TASK INSTRUCTIONS: Your answer should repeat every line of the records below in which the word "first" appears.

[DATA EXCERPTS — start]

(* Domination holds because [y] is at distance at least [dr] from [L]. *)
Lemma base_graph_dominated : dominated_graph base_graph.
Proof.
split.
- move=> x a b [l [t [Ll [-> ->]]]] [l' [t' [Ll' [e ->]]]].
  by rewrite (base_coord_uniq Ll Ll' e).
- move=> x a x' b [l [t [Ll [-> ->]]]] [l' [t' [Ll' [-> ->]]]].
  exists (l + l'), (t + t'); split; first exact: linsubD.
  by rewrite scalerDl addrACA ReD mulrDl.
- move=> r x a [l [t [Ll [-> ->]]]].
  exists (r%:C *: l), (r%:C * t); split; first exact: linsubZ.
  by rewrite scalerDr scalerA ReMR mulrA.
- move=> x a [l [t [Ll [-> ->]]]].
  have [->|t0] := eqVneq t 0; first by rewrite mul0r nrm_ge0.
  have -> : l + t *: y = t *: (y - (- t^-1 *: l)).
    by rewrite scaleNr opprK scalerDr scalerA mulfV // scale1r addrC.
  rewrite nrmZ; apply: le_trans (_ : Re `|t| * dr <= _).
    by apply: ler_wpM2r; [apply: ltW|apply: Re_le_norm].
  rewrite ler_wpM2l //; first by have := normr_ge0 t; rewrite lecE => /andP [].
  by apply: hdr; apply: linsubZ.
Qed.

Definition admissible (H : set (X * R)) : Prop := dominated_graph (H `|` base_graph).

Lemma chain_common (F : set (set (X * R))) q1 q2 : F `<=` admissible ->
  total_on F subset ->
  ((\bigcup_(H in F) H) `|` base_graph) q1 -> ((\bigcup_(H in F) H) `|` base_graph) q2 ->
  exists H, [/\ dominated_graph H, H `<=` (\bigcup_(H in F) H) `|` base_graph, H q1 & H q2].
Proof.
move=> FP tF h1 h2.
have sub G : F G -> G `|` base_graph `<=` (\bigcup_(H in F) H) `|` base_graph.
  by move=> FG q [Gq|Bq]; [left; exists G|right].
case: h1 => [[G1 FG1 G1q]|Bq1]; case: h2 => [[G2 FG2 G2q]|Bq2].
- have [G12|G21] := tF _ _ FG1 FG2.
    by exists (G2 `|` base_graph); split; [exact: FP|exact: sub|left; exact: G12|left].
  by exists (G1 `|` base_graph); split; [exact: FP|exact: sub|left|left; exact: G21].
- by exists (G1 `|` base_graph); split; [exact: FP|exact: sub|left|right].
- by exists (G2 `|` base_graph); split; [exact: FP|exact: sub|right|left].
- by exists base_graph; split; [exact: base_graph_dominated|move=> q; right| |].
Qed.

[DATA EXCERPTS — finish]

YOUR RESPONSE:
  exists (l + l'), (t + t'); split; first exact: linsubD.
  exists (r%:C *: l), (r%:C * t); split; first exact: linsubZ.
  have [->|t0] := eqVneq t 0; first by rewrite mul0r nrm_ge0.
  rewrite ler_wpM2l //; first by have := normr_ge0 t; rewrite lecE => /andP [].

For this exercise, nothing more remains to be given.